**Directions for this task:**
Starting at the line with "pose k := (a" and going on through the line with "(forall (a b", reproduce each line in the records below exactly and nothing more.

◇ ◇ ◇ ◇ ◇

(* Let $p>5$ be a prime, $q=p^h$, and let $\mathcal{F}$ be the projective closure of $ax^ny^m+bx^n+cy^m=1$ over $\mathbb{F}_q$, where $a,b,c\in\mathbb{F}_q^*$, $c\ne-\frac ab$, and $m,n$ are positive integers with $p\nmid mn$, $n\ge m$, $\min\{m,n\}>2$. If $p\mid(n+1)$ and $p\mid(m-1)$, then $\mathcal{F}$ is $\mathbb{F}_q$-Frobenius classical with respect to conics.
   Context: With $\varphi_0,\dots,\varphi_5$ the monomials of degree 2 in $x,y,1$, $\tau$ separating and $D^{(k)}_\tau$ Hasse derivatives, the $\mathbb{F}_q$-Frobenius order sequence w.r.t. conics is the lexicographically smallest $\nu_0<\dots<\nu_4$ such that the $6\times6$ determinant with first row $(\varphi_j^q)_j$ and rows $(D^{(\nu_i)}_\tau\varphi_j)_j$ is nonzero; the curve is $\mathbb{F}_q$-Frobenius classical w.r.t. conics if $\nu_i=i$ for all $i$. *)

From HB Require Import structures.
From mathcomp Require Import all_boot all_order all_algebra.
Set Implicit Arguments. Unset Strict Implicit. Unset Printing Implicit Defensive.
Import Order.TTheory GRing.Theory Num.Theory.
Local Open Scope ring_scope.

Definition transcendental (F : fieldType) (K : fieldType)
  (iota : {rmorphism F -> K}) (x : K) : Prop :=
  forall P : {poly F}, P != 0 -> (map_poly iota P).[x] != 0.

Definition hasse_deriv (F : fieldType) (K : fieldType)
  (iota : {rmorphism F -> K}) (x : K) (D : nat -> K -> K) : Prop :=
  (forall u, D 0%N u = u) /\
  (forall k u v, D k (u + v) = D k u + D k v) /\
  (forall k u v, D k (u * v) = \sum_(i < k.+1) D i u * D (k - i)%N v) /\
  (forall k c, (0 < k)%N -> D k (iota c) = 0) /\
  (forall i j u, D i (D j u) = 'C(i + j, i)%:R * D (i + j)%N u) /\
  D 1%N x = 1 /\
  (forall k, (1 < k)%N -> D k x = 0).

Definition conic_monomials (K : fieldType) (x y : K) (j : 'I_6) : K :=
  nth 0 [:: 1; x; y; x ^+ 2; x * y; y ^+ 2] j.

(* The 6x6 matrix: first row (phi_j^q)_j, row i+1 = (D^(nu_i) phi_j)_j. *)
Definition frob_matrix (K : fieldType) (q : nat) (D : nat -> K -> K)
  (x y : K) (nu : 'I_5 -> nat) : 'M[K]_6 :=
  \matrix_(i < 6, j < 6)
    match unlift ord0 i with
    | None => conic_monomials x y j ^+ q
    | Some i' => D (nu i') (conic_monomials x y j)
    end.

Definition strictly_increasing (nu : 'I_5 -> nat) : Prop :=
  forall i j : 'I_5, (i < j)%N -> (nu i < nu j)%N.

Definition lex_le (nu mu : 'I_5 -> nat) : Prop :=
  (forall i, nu i = mu i) \/
  exists i : 'I_5, (forall j : 'I_5, (j < i)%N -> nu j = mu j) /\ (nu i < mu i)%N.

Definition frob_order_seq_conics (K : fieldType) (q : nat) (D : nat -> K -> K)
  (x y : K) (nu : 'I_5 -> nat) : Prop :=
  [/\ strictly_increasing nu,
      \det (frob_matrix q D x y nu) != 0 &
      forall mu, strictly_increasing mu -> \det (frob_matrix q D x y mu) != 0 ->
        lex_le nu mu ].

Definition frob_classical_conics (K : fieldType) (q : nat) (D : nat -> K -> K)
  (x y : K) : Prop :=
  exists nu, frob_order_seq_conics q D x y nu /\ forall i : 'I_5, nu i = i :> nat.

From HB Require Import structures.
From mathcomp Require Import all_boot all_order all_algebra ring zify.
From mathcomp Require Import finfield.
Import Order.TTheory GRing.Theory Num.Theory.
Local Open Scope ring_scope.

(* Since p divides n + 1 and m - 1, the first Hasse derivative D1 kills x^(n+1) and
   y^(m-1).  Writing the curve equation as y E = x - b x^(n+1) with
   E = y^(m-1) (c x + a x^(n+1)), one gets D1 E = g := c y^(m-1), D1 g = 0 and
   D1 y E + y g = 1; differentiating further, D(k+1) y = r^k D1 y with r = -g/E as
   long as k! is invertible.  So up to order 4 the curve agrees with the conic
   (Y - y) (1 - r (X - x)) = D1 y (X - x), and the Frobenius matrix with orders
   0, ..., 4 is singular only if (x^q, y^q) lies on this osculating conic.  Together
   with the curve equation this would make the transcendental x a root of
   (1 - bX^n)^(q+m-1) (cX^q + aX^(n+1))^m - (X^q - bX^(n+1))^m (aX^n + c)^(q+m-1),
   which is nonzero: 1 - bX^n is coprime to aX^n + c (as a + bc != 0), so
   (1 - bX^n)^(q+m-1) would divide (X^q - bX^(n+1))^m, against degrees. *)

Lemma eq_lincomb1 {R : pzRingType} (k : R) {a1 b1 c d : R} :
  a1 = b1 -> c - d = k * (a1 - b1) -> c = d.
Proof. by move=> ->; rewrite subrr mulr0 => /subr0_eq. Qed.

Lemma eq_lincomb2 {R : pzRingType} (k1 k2 : R) {a1 b1 a2 b2 c d : R} :
  a1 = b1 -> a2 = b2 -> c - d = k1 * (a1 - b1) + k2 * (a2 - b2) -> c = d.
Proof. by move=> -> ->; rewrite !subrr !mulr0 addr0 => /subr0_eq. Qed.

Lemma eq_lincomb3 {R : pzRingType} (k1 k2 k3 : R) {a1 b1 a2 b2 a3 b3 c d : R} :
  a1 = b1 -> a2 = b2 -> a3 = b3 ->
  c - d = k1 * (a1 - b1) + k2 * (a2 - b2) + k3 * (a3 - b3) -> c = d.
Proof. by move=> -> -> ->; rewrite !subrr !mulr0 !addr0 => /subr0_eq. Qed.

Lemma prime_ndvd_fact p k : prime p -> (k < p)%N -> ~~ (p %| k`!)%N.
Proof.
move=> p_pr; elim: k => [|k IHk] lt_kp; first by rewrite dvdn1 neq_ltn prime_gt1 ?orbT.
rewrite factS Euclid_dvdM // negb_or IHk ?gtnNdvd //; exact: ltnW.
Qed.

Lemma frobenius_degree_gap {m n q : nat} : (1 < m <= n)%N -> (2 < q)%N ->
  (maxn q n.+1 * m < n * (q + m.-1))%N.
Proof. by case/andP=> m_gt1 le_mn q_gt2; case: (leqP q n.+1); nia. Qed.

Lemma natr_fact_neq0 (R : idomainType) k l :
  (k <= l)%N -> l`!%:R != 0 :> R -> k`!%:R != 0 :> R.
Proof. by move=> le_kl; rewrite (fact_split le_kl) natrM mulf_eq0 negb_or => /andP[]. Qed.

Lemma strictly_increasing_geq nu : strictly_increasing nu -> forall i : 'I_5, (i <= nu i)%N.
Proof.
move=> nu_incr [i lt_i5]; elim: i lt_i5 => // i IHi lt_i5.
by apply: leq_ltn_trans (IHi (ltnW lt_i5)) _; apply: nu_incr.
Qed.

Lemma lex_le_id nu : strictly_increasing nu -> lex_le (fun i : 'I_5 => i : nat) nu.
Proof.
move=> nu_incr.
have [/forallP nu_id | /forallPn[i0 nu_i0]] := boolP [forall i : 'I_5, nu i == i].
  by left=> i; rewrite (eqP (nu_id i)).
right; have [j nu_j j_min] := @arg_minnP _ i0 (fun i => nu i != i) (fun i => i) nu_i0.
exists j; split; last by rewrite ltn_neqAle eq_sym nu_j strictly_increasing_geq.
by move=> k lt_kj; apply/eqP; apply: contraTT lt_kj => nu_k; rewrite -leqNgt j_min // eq_sym.
Qed.

Lemma frob_classical_conics_det (K : fieldType) q (D : nat -> K -> K) x y :
  \det (frob_matrix q D x y (fun i : 'I_5 => i : nat)) != 0 -> frob_classical_conics q D x y.
Proof.
move=> det_neq0; exists (fun i : 'I_5 => i : nat); split=> //.
by split=> // mu mu_incr _; apply: lex_le_id.
Qed.

Section CurvePolynomials.
Context {F : fieldType}.

Lemma coprimep_1subXn_Xnadd (a b c : F) n : a + b * c != 0 ->
  coprimep (1 - b%:P * 'X^n) (a%:P * 'X^n + c%:P).
Proof.
move=> abc_neq0; apply/Bezout_eq1_coprimepP.
pose k := (a + b * c)^-1; exists ((k * a)%:P, (k * b)%:P) => /=.
have -> : (k * a)%:P * (1 - b%:P * 'X^n) + (k * b)%:P * (a%:P * 'X^n + c%:P) =
          (k * (a + b * c))%:P by rewrite !rmorphM rmorphD /= rmorphM; ring.
by rewrite mulVf.
Qed.

Lemma size_1subCXn (b : F) n : b != 0 -> (0 < n)%N -> size (1 - b%:P * 'X^n) = n.+1.
Proof.
by move=> b_neq0 n_gt0; rewrite addrC size_polyDl size_polyN size_Cmul // size_polyXn // size_poly1.
Qed.
Definition E1 (K : fieldType) (A : algType K) (F : int -> A -> Prop) : Prop :=
  forall i a, i <= 0 -> F i a.
Definition E2 (K : fieldType) (A : algType K) (F : int -> A -> Prop) : Prop :=
  forall a, (forall i, F i a) -> a = 0.
Definition E3 (K : fieldType) (A : algType K) (F : int -> A -> Prop) : Prop :=
  forall i (a x : A), F i x -> F i (a * x).
Definition E4 (K : fieldType) (A : algType K) (G F : int -> A -> Prop) : Prop :=
  forall i j (a b : A), F i a -> G j b -> F (i - j) (a * b).
Definition E6 (K : fieldType) (A : algType K) (p : nat)
  (G F : int -> A -> Prop) : Prop :=
  forall i k e : int, e \in [:: 0; 1] ->
    (k < 2 * i * (p%:Z - 1) + e \/
     (((2 * i + e + k) %% (2 * p%:Z))%Z != 0 /\
      ((2 * i + e + k) %% (2 * p%:Z))%Z != 2)) ->
    E_zero G F (2 * i + e) k.
Definition E7 (K : fieldType) (A : algType K) (p : nat)
  (G F : int -> A -> Prop) : Prop :=
  forall i e : int, 0 <= i -> e \in [:: 0; 1] ->
    E_dim1 G F (2 * i + e) (2 * i * (p%:Z - 1) + e).
Definition E8 (K : fieldType) (A : algType K) (p : nat)
  (G F : int -> A -> Prop) : Prop :=
  forall i j e : int, 0 <= i -> 0 <= j -> e \in [:: 0; 1] ->
    E8_iso p G F i j e.

(** A graded left A-module (M, GM) with structure map alpha, given as a
    bilinear action [act] (alpha(a (x) m) = act a m). *)
Definition graded_module (K : fieldType) (A : algType K) (G : int -> A -> Prop)
  (M : lmodType K) (GM : int -> M -> Prop) (act : A -> M -> M) : Prop :=
  graded_vs GM /\
  (forall (c : K) (a b : A) (m : M), act (c *: a + b) m = c *: act a m + act b m) /\
  (forall (c : K) (a : A) (m n : M), act a (c *: m + n) = c *: act a m + act a n) /\
  (forall m, act 1 m = m) /\
  (forall (a b : A) (m : M), act (a * b) m = act a (act b m)) /\
  (forall (j k : int) (a : A) (m : M), G j a -> GM k m -> GM (j + k) (act a m)).

Definition unstable (K : fieldType) (A : algType K) (F : int -> A -> Prop)
  (M : lmodType K) (GM : int -> M -> Prop) (act : A -> M -> M) : Prop :=
  forall (n : int) (a : A) (m : M), F (n + 1) a -> GM n m -> act a m = 0.

(* Necessity is immediate, since F_{2i+e} is contained in F_{k+1}.  For
   sufficiency fix m in M^n.  The criterion applied to 1 in F_0 shows that M
   has no negative degrees.  For n >= 0 it suffices, by linearity, to kill m
   with a homogeneous b of degree j lying in F_s, s >= n + 1; this is done by
   downward induction on s.  For s large compared to j, (E6) and (E2) force
   b = 0.  Otherwise (E6) says that either the piece E_s^j vanishes, so that
   b lies in F_{s+1}, or E_s^j is the target of an (E8) isomorphism; then
   b = g c modulo F_{s+1} with g a generator of a piece of (E7), and g kills
   c m (of degree < 2i+e) by the criterion. *)
From HB Require Import structures.
From mathcomp Require Import all_boot all_order all_algebra.
From mathcomp Require Import zify.
Import Order.TTheory GRing.Theory Num.Theory.
Set Implicit Arguments.
Unset Strict Implicit.
Unset Printing Implicit Defensive.
Local Open Scope ring_scope.

Lemma int_ind_up (P : int -> Prop) (lo : int) :
  P lo -> (forall s : int, lo <= s -> P s -> P (s + 1)) ->
  forall s : int, lo <= s -> P s.
Proof.
move=> Plo PS; suff Pk : forall k : nat, P (lo + k%:Z).
  by move=> s hs; have := Pk `|s - lo|%N; congr P; lia.
elim=> [|k IH]; first by rewrite addr0.
have -> : lo + k.+1%:Z = lo + k%:Z + 1 by lia.
by apply: PS => //; lia.
Qed.

Lemma int_ind_down (P : int -> Prop) (lo hi : int) :
  (forall s : int, lo <= s -> hi <= s -> P s) ->
  (forall s : int, lo <= s -> P (s + 1) -> P s) -> forall s : int, lo <= s -> P s.
Proof.
move=> Phi PS; suff Pk : forall (k : nat) (s : int), hi <= s + k%:Z -> lo <= s -> P s.
  by move=> s hs; apply: (Pk `|hi - s|%N) => //; lia.
elim=> [|k IH] s hk hs; first by apply: Phi => //; lia.
by apply: PS => //; apply: IH; lia.
Qed.

Lemma int_parity (t : int) : exists i e : int, e \in [:: 0; 1] /\ t = 2 * i + e.
Proof. by exists (t %/ 2)%Z, (t %% 2)%Z; rewrite !inE; lia. Qed.

(* A degree below a nonnegative filtration index 2i + e lies in the range
   2i(p-1) + e where (E6) makes the graded piece vanish. *)
Lemma below_diagonal (p : nat) (i e j : int) : (2 <= p)%N -> e \in [:: 0; 1] ->
  0 <= 2 * i + e -> j < 2 * i + e -> j < 2 * i * (p%:Z - 1) + e.
Proof. by move=> p2; rewrite !inE; nia. Qed.

(* The pieces E_{2i'+e'}^j not excluded by (E6), with 2i'+e' >= 1, are those
   reached by the isomorphisms of (E8): writing 2i'+e'+j = 2pi + 2e, the piece
   is E_{2i+e-J}^{2i(p-1)+e+J} with J = 2i + e - (2i'+e') >= 0. *)
Lemma E8_line (p : nat) (i' e' j : int) : (2 <= p)%N -> e' \in [:: 0; 1] ->
  1 <= 2 * i' + e' -> 2 * i' * (p%:Z - 1) + e' <= j ->
  let r := ((2 * i' + e' + j) %% (2 * p%:Z))%Z in (r == 0) || (r == 2) ->
  exists i e J : int, [/\ 0 <= i, e \in [:: 0; 1], 0 <= J,
     2 * i + e - J = 2 * i' + e' & 2 * i * (p%:Z - 1) + e + J = j].
Proof.
move=> p2 he' s1 hd r hr.
have hdiv := divz_eq (2 * i' + e' + j) (2 * p%:Z).
set q := (_ %/ _)%Z in hdiv; rewrite -/r in hdiv.
have [e [he hre]] : exists e : int, e \in [:: 0; 1] /\ r = 2 * e.
  by case/orP: hr => /eqP ->; [exists 0 | exists 1].
exists q, e, (2 * q + e - (2 * i' + e')).
by move: he he'; rewrite !inE => he he'; split; nia.
Qed.

Lemma subspaceB (K : fieldType) (V : lmodType K) (P : V -> Prop) (u v : V) :
  subspace P -> P u -> P v -> P (u - v).
Proof.
by case=> _ hlin hu hv; have := hlin (-1) v u hv hu; rewrite scaleN1r addrC.
Qed.

Lemma filtration_antitone (K : fieldType) (A : algType K) (F : int -> A -> Prop)
    (i i' : int) (a : A) :
  (forall i a, F (i + 1) a -> F i a) -> i' <= i -> F i a -> F i' a.
Proof.
move=> F_decr hle hF; have -> : i' = i - (i - i') by lia.
apply: (@int_ind_up (fun t => F (i - t) a) 0); last by lia.
- by rewrite subr0.
- by move=> t _ ht; apply: F_decr; have -> : i - (t + 1) + 1 = i - t by lia.
Qed.

Section ActionLinearity.
Variables (K : fieldType) (A : algType K) (M : lmodType K) (act : A -> M -> M).
Hypothesis act_linl :
  forall (c : K) (a b : A) (m : M), act (c *: a + b) m = c *: act a m + act b m.
Hypothesis act_linr :
  forall (c : K) (a : A) (m n : M), act a (c *: m + n) = c *: act a m + act a n.

Lemma act0l (m : M) : act 0 m = 0.
Proof. by have := act_linl (-1) 0 0 m; rewrite !scaleN1r !addNr. Qed.

Lemma act0r (a : A) : act a 0 = 0.
Proof. by have := act_linr (-1) a 0 0; rewrite !scaleN1r !addNr. Qed.

Lemma actDl (a b : A) (m : M) : act (a + b) m = act a m + act b m.
Proof. by have := act_linl 1 a b m; rewrite !scale1r. Qed.

Lemma act_suml (s : seq int) (f : int -> A) (m : M) :
  act (\sum_(j <- s) f j) m = \sum_(j <- s) act (f j) m.
Proof. exact: (big_morph (act^~ m) (fun a b => actDl a b m) (act0l m)). Qed.

End ActionLinearity.

Definition unstable_on_E7_pieces (K : fieldType) (p : nat) (A : algType K)
    (G F : int -> A -> Prop) (M : lmodType K) (GM : int -> M -> Prop)
    (act : A -> M -> M) : Prop :=
  forall (i : int) (e : int) (k : int), e \in [:: 0; 1] -> k < 2 * i + e ->
    forall (a : A) (m : M),
      F (2 * i + e) a -> G (2 * i * (p%:Z - 1) + e) a -> GM k m -> act a m = 0.

(* Necessity: F_{2i+e} is contained in F_{k+1} when k < 2i + e. *)
Lemma unstable_on_E7_pieces_of_unstable (K : fieldType) (p : nat)
    (A : algType K) (G F : int -> A -> Prop) (M : lmodType K)
    (GM : int -> M -> Prop) (act : A -> M -> M) :
  (forall i a, F (i + 1) a -> F i a) ->
  unstable F GM act -> unstable_on_E7_pieces p G F GM act.
Proof.
move=> F_decr unst i e k _ hk a m hFa _ hm; apply: (unst k) => //.
by apply: (filtration_antitone F_decr _ hFa); lia.
Qed.

Section Criterion.
Variables (K : fieldType) (p : nat) (A : algType K) (G F : int -> A -> Prop).
Hypothesis p_ge2 : (2 <= p)%N.
Hypothesis G_subspace : forall j, subspace (G j).
Hypothesis G_one : G 0 1.
Hypothesis G_mul : forall (j k : int) (a b : A), G j a -> G k b -> G (j + k) (a * b).
Hypothesis F_decr : forall i a, F (i + 1) a -> F i a.
Hypothesis F_homog : forall i a, F i a -> exists (s : seq int) (f : int -> A),
  (forall j, G j (f j) /\ F i (f j)) /\ a = \sum_(j <- s) f j.
Hypotheses (hE1 : E1 F) (hE2 : E2 F) (hE6 : E6 p G F) (hE7 : E7 p G F)
  (hE8 : E8 p G F).

(* A homogeneous element lying in a filtration level beyond its degree is zero:
   by (E6) it lies in every higher level, hence in all of them, and (E2). *)
Lemma deep_homogeneous_zero (s j : int) (b : A) :
  0 <= s -> j < s -> F s b -> G j b -> b = 0.
Proof.
move=> s0 js hFs hGb; apply: hE2 => i.
have [le_is | lt_si] := leP i s; first exact: filtration_antitone le_is hFs.
apply: (@int_ind_up (fun t => F t b) s) => //; last by lia.
move=> t hst hFt; have [i' [e' [he' ht]]] := int_parity t.
rewrite ht in hFt *; apply: (@hE6 i' j e' he' _ b hFt hGb); left.
by apply: below_diagonal => //; lia.
Qed.

Lemma nonzero_pieces_on_E8_lines (s j : int) : 1 <= s ->
  E_zero G F s j \/ exists i e J : int, [/\ 0 <= i, e \in [:: 0; 1], 0 <= J,
     2 * i + e - J = s & 2 * i * (p%:Z - 1) + e + J = j].
Proof.
move=> s1; have [i' [e' [he' hs]]] := int_parity s; subst s.
have [hj | hj] := ltP j (2 * i' * (p%:Z - 1) + e').
  by left; apply: hE6 => //; left.
have [hr | hr] := boolP (let r := ((2 * i' + e' + j) %% (2 * p%:Z))%Z in
                          (r == 0) || (r == 2)).
  by right; apply: E8_line.
by left; apply: hE6 => //; right; move: hr; rewrite /= negb_or => /andP.
Qed.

◇ ◇ ◇ ◇ ◇

**Task answer:**
pose k := (a + b * c)^-1; exists ((k * a)%:P, (k * b)%:P) => /=.
have -> : (k * a)%:P * (1 - b%:P * 'X^n) + (k * b)%:P * (a%:P * 'X^n + c%:P) =
          (k * (a + b * c))%:P by rewrite !rmorphM rmorphD /= rmorphM; ring.
by rewrite mulVf.
Qed.

Lemma size_1subCXn (b : F) n : b != 0 -> (0 < n)%N -> size (1 - b%:P * 'X^n) = n.+1.
Proof.
by move=> b_neq0 n_gt0; rewrite addrC size_polyDl size_polyN size_Cmul // size_polyXn // size_poly1.
Qed.
Definition E1 (K : fieldType) (A : algType K) (F : int -> A -> Prop) : Prop :=
  forall i a, i <= 0 -> F i a.
Definition E2 (K : fieldType) (A : algType K) (F : int -> A -> Prop) : Prop :=
  forall a, (forall i, F i a) -> a = 0.
Definition E3 (K : fieldType) (A : algType K) (F : int -> A -> Prop) : Prop :=
  forall i (a x : A), F i x -> F i (a * x).
Definition E4 (K : fieldType) (A : algType K) (G F : int -> A -> Prop) : Prop :=
  forall i j (a b : A), F i a -> G j b -> F (i - j) (a * b).
Definition E6 (K : fieldType) (A : algType K) (p : nat)
  (G F : int -> A -> Prop) : Prop :=
  forall i k e : int, e \in [:: 0; 1] ->
    (k < 2 * i * (p%:Z - 1) + e \/
     (((2 * i + e + k) %% (2 * p%:Z))%Z != 0 /\
      ((2 * i + e + k) %% (2 * p%:Z))%Z != 2)) ->
    E_zero G F (2 * i + e) k.
Definition E7 (K : fieldType) (A : algType K) (p : nat)
  (G F : int -> A -> Prop) : Prop :=
  forall i e : int, 0 <= i -> e \in [:: 0; 1] ->
    E_dim1 G F (2 * i + e) (2 * i * (p%:Z - 1) + e).
Definition E8 (K : fieldType) (A : algType K) (p : nat)
  (G F : int -> A -> Prop) : Prop :=
  forall i j e : int, 0 <= i -> 0 <= j -> e \in [:: 0; 1] ->
    E8_iso p G F i j e.

(** A graded left A-module (M, GM) with structure map alpha, given as a
    bilinear action [act] (alpha(a (x) m) = act a m). *)
Definition graded_module (K : fieldType) (A : algType K) (G : int -> A -> Prop)
  (M : lmodType K) (GM : int -> M -> Prop) (act : A -> M -> M) : Prop :=
  graded_vs GM /\
  (forall (c : K) (a b : A) (m : M), act (c *: a + b) m = c *: act a m + act b m) /\
  (forall (c : K) (a : A) (m n : M), act a (c *: m + n) = c *: act a m + act a n) /\
  (forall m, act 1 m = m) /\
  (forall (a b : A) (m : M), act (a * b) m = act a (act b m)) /\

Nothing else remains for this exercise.